Selecting classes that binary classifier of class returns p > 0.5. (Implementation of the binary classifier is logistic regression)
For each data points..
- Selecting k-class from near the data point with nearest centroid classifier.
- Adding the data point as training data to dataset for each classes.
(prefetch.cpp)
For each classes..
- Learning the binary classifier using own dataset.
(train.cpp)
using variant TF-IDF.
tf = log(number_of_term_occurs_in_document + 1)

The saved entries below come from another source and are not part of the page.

(* Let $\overline{C}_n$ denote the graph complement of the cycle graph $C_n$. Then $\tau(\overline{C}_n)\to e$ as $n\to\infty$, where $e$ is Euler's number.
   Context: For a finite simple graph $G$, $K=D-A$ is its Kirchhoff matrix (degree matrix minus adjacency matrix), ${\rm Det}(K)$ its pseudo-determinant (product of non-zero eigenvalues with multiplicity), and $\tau(G)={\rm det}(1+K)/{\rm Det}(K)=\prod_{\lambda\neq0}(1+1/\lambda)$, the product running over the non-zero eigenvalues of $K$. *)

From HB Require Import structures.
From mathcomp Require Import all_boot all_order all_algebra.
From mathcomp Require Import all_classical all_reals all_analysis.
Set Implicit Arguments. Unset Strict Implicit. Unset Printing Implicit Defensive.
Import Order.TTheory GRing.Theory Num.Theory.
Local Open Scope ring_scope.

(* The cycle graph C_n on vertices 'I_n: i ~ j iff j = i+1 or i = j+1 (mod n),
   and i <> j (simple graph).  For n >= 3 this is the usual cycle. *)
Definition cycle_adj (n : nat) : rel 'I_n :=
  fun i j => (i != j) && (((i.+1 %% n)%N == j) || ((j.+1 %% n)%N == i)).

Definition cocycle_adj (n : nat) : rel 'I_n :=
  fun i j => (i != j) && ~~ cycle_adj i j.

Definition kirchhoff (R : nzRingType) (n : nat) (e : rel 'I_n) : 'M[R]_n :=
  \matrix_(i, j) ((if i == j then (#|[pred k | e i k]|)%:R else 0)
                  - (if e i j then 1 else 0)).

(* The eigenvalues of a real square matrix, listed with (algebraic) multiplicity:
   a sequence s with char_poly A = \prod_(x <- s) ('X - x).  Such an s is unique
   up to permutation when it exists (always the case for real symmetric matrices
   such as Kirchhoff matrices); the fallback [::] is never used for them. *)
Definition spectrum (R : realType) (n : nat) (A : 'M[R]_n) : seq R :=
  match pselect (exists s : seq R, char_poly A = \prod_(x <- s) ('X - x%:P)) with
  | left H => projT1 (cid H)
  | right _ => [::]
  end.

Definition pdet (R : realType) (n : nat) (A : 'M[R]_n) : R :=
  \prod_(l <- spectrum A | l != 0) l.

Definition tau (R : realType) (n : nat) (e : rel 'I_n) : R :=
  \det (1%:M + kirchhoff R e) / pdet (kirchhoff R e).

(* Let K be the Kirchhoff matrix of the complement of C_n and v a left
   eigenvector of K for a nonzero eigenvalue x.  The rows of K sum to 0, so the
   coordinates of v sum to 0, and at a coordinate j of maximal modulus the
   eigen-equation reads (x - deg j) v_j = sum of v_i over the at most three
   non-neighbours i of j (j included): hence n - 6 <= x <= n + 3.  The trace of
   K, at least n (n - 3), is the sum of the nonzero eigenvalues, so there are
   between n - 6 and n of them.  Since K is real symmetric its characteristic
   polynomial splits over R, so tau is the product of 1 + 1/x over these
   eigenvalues, and exp (1/(x+1)) <= 1 + 1/x <= exp (1/x) squeezes it between
   exp (1 - 14/(n+1)) and exp (1 + 14/(n+1)) once n >= 12. *)

From HB Require Import structures.
From mathcomp Require Import all_boot all_order all_algebra.
From mathcomp Require Import all_classical all_reals all_analysis.
From mathcomp.real_closed Require Import complex.
From mathcomp Require Import ring lra.
Import Order.TTheory GRing.Theory Num.Theory.
Import numFieldNormedType.Exports.
Local Open Scope classical_set_scope.
Local Open Scope ring_scope.

Set Implicit Arguments. Unset Strict Implicit. Unset Printing Implicit Defensive.

Lemma horner_char_poly (R : comNzRingType) n (A : 'M[R]_n) a :
  (char_poly A).[a] = \det (a%:M - A).
Proof.
rewrite /char_poly -horner_evalE -det_map_mx; congr (\det _).
by apply/matrixP => i j; rewrite !mxE /= horner_evalE !hornerE hornerMn hornerX.
Qed.

Lemma char_poly_conj (F : fieldType) n (P A : 'M[F]_n) : P \in unitmx ->
  char_poly (invmx P *m A *m P) = char_poly A.
Proof.
move=> Pu; rewrite /char_poly /char_poly_mx.
have PV : map_mx polyC (invmx P) *m map_mx polyC P = 1%:M.
  by rewrite -map_mxM mulVmx // map_mx1.
have -> : 'X%:M - map_mx polyC (invmx P *m A *m P) =
    map_mx polyC (invmx P) *m ('X%:M - map_mx polyC A) *m map_mx polyC P.
  rewrite mulmxBr mulmxBl !map_mxM -!mulmxA mul_scalar_mx -scalemxAr.
  by rewrite -mul_mx_scalar !mulmxA PV mul1mx.
by rewrite !det_mulmx mulrAC -det_mulmx PV det1 mul1r.
Qed.

Section SplitCharPoly.
Variables (R : comNzRingType) (n : nat) (A : 'M[R]_n) (s : seq R).
Hypothesis A_split : char_poly A = \prod_(x <- s) ('X - x%:P).

Lemma size_split_char_poly : size s = n.
Proof. by have := size_char_poly A; rewrite A_split size_prod_XsubC => -[]. Qed.

Lemma det1D_split_char_poly : \det (1%:M + A) = \prod_(x <- s) (1 + x).
Proof.
have := horner_char_poly A (-1).
have -> : (-1)%:M - A = (-1) *: (1%:M + A).
  by rewrite scalerDr scale_scalar_mx mulr1 scaleN1r.
rewrite detZ A_split horner_prod.
under eq_bigr => x _ do rewrite hornerXsubC -opprD -mulN1r.
rewrite big_split /= big_const_seq count_predT size_split_char_poly iter_mulr_1.
by move=> /(congr1 ( *%R ((-1) ^+ n))); rewrite !mulrA -expr2 sqrr_sign !mul1r.
Qed.

Lemma trace_split_char_poly : \tr A = \sum_(x <- s) x.
Proof.
case: n A s A_split size_split_char_poly => [|m] B t B_split size_t.
  by rewrite (size0nil size_t) big_nil /mxtrace big_ord0.
have := coefPn_prod_XsubC (ps := t).
by rewrite size_t -B_split char_poly_trace // => /(_ isT)/oppr_inj.
Qed.
End SplitCharPoly.

Section SymmetricSpectrum.
Local Open Scope complex_scope.

Lemma sym_char_poly_split (R : rcfType) n (A : 'M[R]_n) : A^T = A ->
  exists s : seq R, char_poly A = \prod_(x <- s) ('X - x%:P).
Proof.
move=> A_sym; pose f := real_complex R; pose AC := map_mx f A.
have AC_herm : AC \is hermsymmx.
  apply: realsym_hermsym.
    by apply/is_hermitianmxP; rewrite expr0 scale1r map_mx_id // /AC map_trmx A_sym.
  by apply/mxOverP => i j; rewrite mxE /= realE ler0c lecR -realE num_real.
have /orthomx_spectralP AC_diag := hermitian_normalmx AC_herm.
have d_real := hermitian_spectral_diag_real AC_herm.
set P := spectralmx AC in AC_diag; set d := spectral_diag AC in AC_diag d_real.
exists [seq complex.Re (d 0 i) | i <- enum 'I_n].
apply: (@map_poly_inj _ _ f).
rewrite map_char_poly -/AC AC_diag char_poly_conj ?spectral_unit //.
rewrite char_poly_trig ?diag_mx_is_trig // rmorph_prod big_map big_enum /=.
apply: eq_bigr => i _; rewrite map_polyXsubC /= !mxE eqxx mulr1n.
have := mxOverP d_real 0 i; move: (d 0 i) => [a b].
by rewrite realE !lecE /= => /orP[] /andP[/eqP b0 _]; [rewrite b0 | rewrite -b0].
Qed.

End SymmetricSpectrum.

Section Spectrum.
Variables (R : realType) (n : nat) (A : 'M[R]_n).
Hypothesis A_sym : A^T = A.

Lemma spectrumP : char_poly A = \prod_(x <- spectrum A) ('X - x%:P).
Proof.
rewrite /spectrum; case: pselect => [split_A|]; first by case: cid.
by have := sym_char_poly_split A_sym.
Qed.

Lemma eigenvalue_spectrum x : x \in spectrum A -> eigenvalue A x.
Proof. by rewrite eigenvalue_root_char spectrumP root_prod_XsubC. Qed.

Lemma det1D_div_pdet :
  \det (1%:M + A) / pdet A = \prod_(x <- spectrum A | x != 0) (1 + x^-1).
Proof.
rewrite /pdet (det1D_split_char_poly spectrumP) (bigID (fun x => x != 0)) /=.
have -> : \prod_(x <- spectrum A | ~~ (x != 0)) (1 + x) = 1.
  by apply: big1 => x /negPn/eqP->; rewrite addr0.
rewrite mulr1 -prodf_div; apply: eq_bigr => x x0.
by rewrite mulrDl mulfV // mul1r addrC.
Qed.

End Spectrum.

Section Kirchhoff.
Variables (R : nzRingType) (n : nat) (e : rel 'I_n).

Lemma kirchhoff_row_sum i : \sum_j kirchhoff R e i j = 0.
Proof.
under eq_bigr => j _ do rewrite mxE.
rewrite sumrB -!big_mkcond /= (big_pred1 i) => [|j]; last by rewrite eq_sym.
rewrite sumr_const; apply/eqP; rewrite subr_eq0; apply/eqP.
by congr _%:R; apply: eq_card.
Qed.

Lemma row_mul_kirchhoff (v : 'rV[R]_n) j :
  (v *m kirchhoff R e) 0 j =
    v 0 j * #|[pred k | e j k]|%:R - \sum_(i | e i j) v 0 i.
Proof.
rewrite mxE; under eq_bigr => i _ do rewrite mxE mulrBr.
rewrite sumrB (bigD1 j) //= eqxx big1 ?addr0 => [|i /negPf->]; last by rewrite mulr0.
rewrite [in RHS]big_mkcond; congr (_ - _).
by apply: eq_bigr => i _; case: ifP; rewrite ?mulr1 ?mulr0.
Qed.

Lemma mxtrace_kirchhoff : irreflexive e ->
  \tr (kirchhoff R e) = \sum_i (#|[pred k | e i k]|)%:R.
Proof. by move=> e_irr; apply: eq_bigr => i _; rewrite mxE eqxx e_irr subr0. Qed.

End Kirchhoff.

Lemma kirchhoff_eigenvalue_near_degree (R : realFieldType) n (e : rel 'I_n) x :
  eigenvalue (kirchhoff R e) x -> x != 0 ->
  exists j, `|x - (#|[pred k | e j k]|)%:R| <= (#|[pred i | ~~ e i j]|)%:R.
Proof.
set K := kirchhoff R e => /eigenvalueP [v vK v_neq0] x_neq0.
have sum_v : \sum_i v 0 i = 0.
  have vK_sum : \sum_j (v *m K) 0 j = 0.
    under eq_bigr do rewrite mxE.
    by rewrite exchange_big big1 // => i _; rewrite -mulr_sumr kirchhoff_row_sum mulr0.
  move: vK_sum; rewrite vK; under eq_bigr do rewrite mxE.
  by rewrite -mulr_sumr => /eqP; rewrite mulf_eq0 (negPf x_neq0) => /eqP.
have [k vk_neq0] : exists k, v 0 k != 0.
  apply/existsP; apply: contraR v_neq0 => /existsPn v0.
  by apply/eqP/rowP => k; rewrite mxE; apply/eqP; rewrite -[_ == _]negbK v0.
pose j := [arg max_(i > k) `|v 0 i|]%O.
have vj_max i : `|v 0 i| <= `|v 0 j|.
  by rewrite /j; case: arg_maxP => // j' _; apply.
have vj_gt0 : 0 < `|v 0 j| by apply: lt_le_trans (vj_max k); rewrite normr_gt0.
exists j; set d := (#|[pred k | e j k]|)%:R.
have vKj : x * v 0 j = d * v 0 j + \sum_(i | ~~ e i j) v 0 i.
  have := congr1 (fun w : 'rV_n => w 0 j) vK; rewrite /= row_mul_kirchhoff mxE => <-.
  move: sum_v; rewrite (bigID (fun i => e i j)) /= => /eqP; rewrite addr_eq0 => /eqP->.
  by rewrite opprK mulrC.
have : `|x - d| * `|v 0 j| <= (#|[pred i | ~~ e i j]|)%:R * `|v 0 j|.
  rewrite -normrM mulrBl vKj addrAC subrr add0r.
  apply: le_trans (ler_norm_sum _ _ _) _.
  apply: le_trans (ler_sum _ (fun i _ => vj_max i)) _.
  by rewrite sumr_const mulr_natl.
by rewrite ler_pM2r.
Qed.

Section CocycleGraph.
Variable n : nat.
Implicit Types i j k : 'I_n.

Lemma cocycle_adj_irrefl : irreflexive (@cocycle_adj n).
Proof. by move=> i; rewrite /cocycle_adj eqxx. Qed.

Lemma cocycle_adj_sym : symmetric (@cocycle_adj n).
Proof. by move=> i j; rewrite /cocycle_adj /cycle_adj eq_sym orbC. Qed.

Lemma card_not_cocycle_adj j : (#|[pred k | ~~ cocycle_adj j k]| <= 3)%N.
Proof.
apply: leq_trans (card_size [:: j; ordS j; ord_pred j]).
apply/subset_leq_card/fintype.subsetP => k; rewrite !inE /cocycle_adj /cycle_adj.
case: (eqVneq j k) => [->|_]; rewrite ?eqxx //= negbK => /orP[/eqP Sj | /eqP Sk].
  by rewrite (_ : k = ordS j) ?eqxx ?orbT //; apply: val_inj.
by rewrite (_ : j = ordS k) ?ordSK ?eqxx ?orbT //; apply: val_inj.
Qed.

Lemma cocycle_degree_bounds j :
  (n <= #|[pred k | cocycle_adj j k]| + 3)%N /\
  (#|[pred k | cocycle_adj j k]| <= n)%N.
Proof.
split; last by rewrite -[X in (_ <= X)%N]card_ord max_card.
rewrite -[X in (X <= _)%N]card_ord -(cardC [pred k | cocycle_adj j k]) leq_add2l.
exact: card_not_cocycle_adj.
Qed.

End CocycleGraph.

Section CocycleSpectrum.
Variables (R : realFieldType) (n : nat).
Local Notation K := (kirchhoff R (@cocycle_adj n)).

Lemma kirchhoff_cocycle_sym : K^T = K.
Proof.
by apply/matrixP => i j; rewrite !mxE cocycle_adj_sym eq_sym; case: eqP => [->|].
Qed.

Lemma kirchhoff_cocycle_eigenvalue x : eigenvalue K x -> x != 0 ->
  n%:R - 6 <= x <= n%:R + 3.
Proof.
move=> /kirchhoff_eigenvalue_near_degree /[apply] -[j].
have [lo hi] := cocycle_degree_bounds j.
have : (#|[pred i | ~~ cocycle_adj i j]| <= 3)%N.
  rewrite (eq_card (fun i => congr1 negb (cocycle_adj_sym i j))).
  exact: card_not_cocycle_adj.
move: lo hi; rewrite -!(ler_nat R) natrD.
set d := _%:R; set c := _%:R => lo hi c3; rewrite ler_norml => /andP[].
lra.
Qed.

Lemma mxtrace_kirchhoff_cocycle : n%:R * (n%:R - 3) <= \tr K.
Proof.
rewrite mxtrace_kirchhoff; last exact: cocycle_adj_irrefl.
have -> : n%:R * (n%:R - 3) = \sum_(j < n) (n%:R - 3 : R).
  by rewrite sumr_const card_ord mulr_natl.
apply: ler_sum => j _.
have [lo _] := cocycle_degree_bounds j.
by rewrite lerBlDr -natrD ler_nat.
Qed.

End CocycleSpectrum.

Lemma prod_seq_count_bounds (R : realDomainType) (I : eqType) (s : seq I)
    (P : pred I) (F : I -> R) (a b : R) :
  0 <= a -> {in s, forall i, P i -> a <= F i <= b} ->
  a ^+ count P s <= \prod_(i <- s | P i) F i <= b ^+ count P s.
Proof.
move=> a_ge0 Fab; rewrite -!iter_mulr_1 -!(big_const_seq 1 *%R).
apply/andP; split; rewrite [X in X <= _]big_seq_cond [X in _ <= X]big_seq_cond.
all: apply: ler_prod => i /andP[si Pi]; have /andP[aF Fb] := Fab i si Pi.
  by rewrite a_ge0.
by rewrite (le_trans a_ge0 aF).
Qed.

Lemma expR_inv_addr1_le (R : realType) (x : R) :
  0 < x -> expR (x + 1)^-1 <= 1 + x^-1.
Proof.
move=> x_gt0.
have -> : 1 + x^-1 = (1 - (x + 1)^-1)^-1 by field; lra.
rewrite -[X in expR X]opprK expRN lef_pV2 ?posrE ?expR_gt0 ?expR_ge1Dx //.
by rewrite subr_gt0 invf_lt1; lra.
Qed.

Lemma cvg_expR_1D (R : realType) (c : R) :
  (fun n : nat => expR (1 + c / n.+1%:R)) @ \oo --> expR 1.
Proof.
apply: (continuous_cvg _ (@continuous_expR R 1)).
rewrite -[X in _ --> X]addr0 -(mulr0 c).
exact: cvgD (cvg_cst _) (cvgM (cvg_cst _) cvg_harmonic).
Qed.

Section CocycleTau.
Variables (R : realType) (n : nat).
Local Notation K := (kirchhoff R (@cocycle_adj n)).
Local Notation m := (count (fun x => x != 0) (spectrum K)).

Lemma spectrum_kirchhoff_cocycle x : x \in spectrum K -> x != 0 ->
  n%:R - 6 <= x <= n%:R + 3.
Proof.
move/(eigenvalue_spectrum (kirchhoff_cocycle_sym R n)).
exact: kirchhoff_cocycle_eigenvalue.
Qed.

Lemma count_spectrum_kirchhoff_cocycle : n%:R - 6 <= m%:R :> R /\ (m <= n)%N.
Proof.
have K_split := spectrumP (kirchhoff_cocycle_sym R n).
split; last by rewrite -[X in (_ <= X)%N](size_split_char_poly K_split) count_size.
have trace_le : n%:R * (n%:R - 3) <= (n%:R + 3) * m%:R :> R.
  apply: le_trans (mxtrace_kirchhoff_cocycle R n) _.
  rewrite (trace_split_char_poly K_split) (bigID (fun x => x != 0)) /=.
  rewrite [X in _ + X]big1 => [|x /negPn/eqP //]; rewrite addr0 mulr_natr.
  rewrite -iter_addr_0 -big_const_seq.
  rewrite [X in X <= _]big_seq_cond [X in _ <= X]big_seq_cond.
  apply: ler_sum => x /andP[xs x0].
  by have /andP[] := spectrum_kirchhoff_cocycle xs x0.
rewrite -(ler_pM2l (_ : 0 < n%:R + 3)) ?(le_trans _ trace_le) //; nra.
Qed.

Lemma tau_cocycle_bounds : (12 <= n)%N ->
  expR (1 - 14 / n.+1%:R) <= tau R (@cocycle_adj n) <= expR (1 + 14 / n.+1%:R).
Proof.
move=> n_ge12; have n_ge : 12 <= n%:R :> R by rewrite (ler_nat R 12).
have factor_bounds : {in spectrum K, forall x, x != 0 ->
    expR (n%:R + 4)^-1 <= 1 + x^-1 <= expR (n%:R - 6)^-1}.
  move=> x xs x0; have /andP[x_ge x_le] := spectrum_kirchhoff_cocycle xs x0.
  have x_gt0 : 0 < x by lra.
  apply/andP; split.
    apply: le_trans (expR_inv_addr1_le x_gt0); rewrite ler_expR lef_pV2 ?posrE; lra.
  apply: le_trans (expR_ge1Dx _) _; rewrite ler_expR lef_pV2 ?posrE; lra.
have /andP[lo hi] := prod_seq_count_bounds (expR_ge0 _) factor_bounds.
rewrite -!expRM_natl in lo hi.
have [m_ge] := count_spectrum_kirchhoff_cocycle; rewrite -(ler_nat R) => m_le.
have t_def : n.+1%:R^-1 * (n%:R + 1) = 1 :> R by rewrite natr1 mulVf.
have t_gt0 : 0 < n.+1%:R^-1 :> R by rewrite invr_gt0 ltr0n.
move: t_def t_gt0; set t := n.+1%:R^-1 => t_def t_gt0.
rewrite /tau det1D_div_pdet ?kirchhoff_cocycle_sym //.
apply/andP; split; [apply: le_trans lo | apply: le_trans hi _]; rewrite ler_expR.
  by rewrite ler_pdivlMr; nra.
by rewrite ler_pdivrMr; nra.
Qed.

End CocycleTau.

Theorem mainTheorem2 (R : realType) :
  (fun n : nat => tau R (@cocycle_adj n)) @ \oo --> expR (1 : R).
Proof.
apply: (squeeze_cvgr _ (cvg_expR_1D (-14)) (cvg_expR_1D 14)).
by apply: filterS (nbhs_infty_ge 12) => n n_ge; rewrite mulNr tau_cocycle_bounds.
Qed.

idf = log(total_number_of_documents / (number_of_documents_containing_term + 1)) + 5
tfidf = tf * idf
and feature vector is normalized by L2 norm. (code: tfidf_transformer.hpp)
using cosine similarity.
- Ubuntu 13.10
- g++ 4.8.1
- make
- 32GB RAM
please edit SETTINGS.h first.
make
./prefetch
./train
./predict
NOTE: ./prefetch is very slow. probably processing time exceeds 15 hours.
./vt_prefech
./vt_train
./validation
running the validation test.
./vt_knn
generating the sumission.txt.
./knn
running the validation test.
./vt_ncc
generating the sumission.txt.
./ncc
Model | LBMaF | Training Time | Prediction Time |
---|---|---|---|
k-NN | 0.23088 | n/a | 10 minutes |
NCC | 0.28931 | 80 seconds | 2 hours |
NCC+BC | 0.33025 | 15 hours | 2 hours |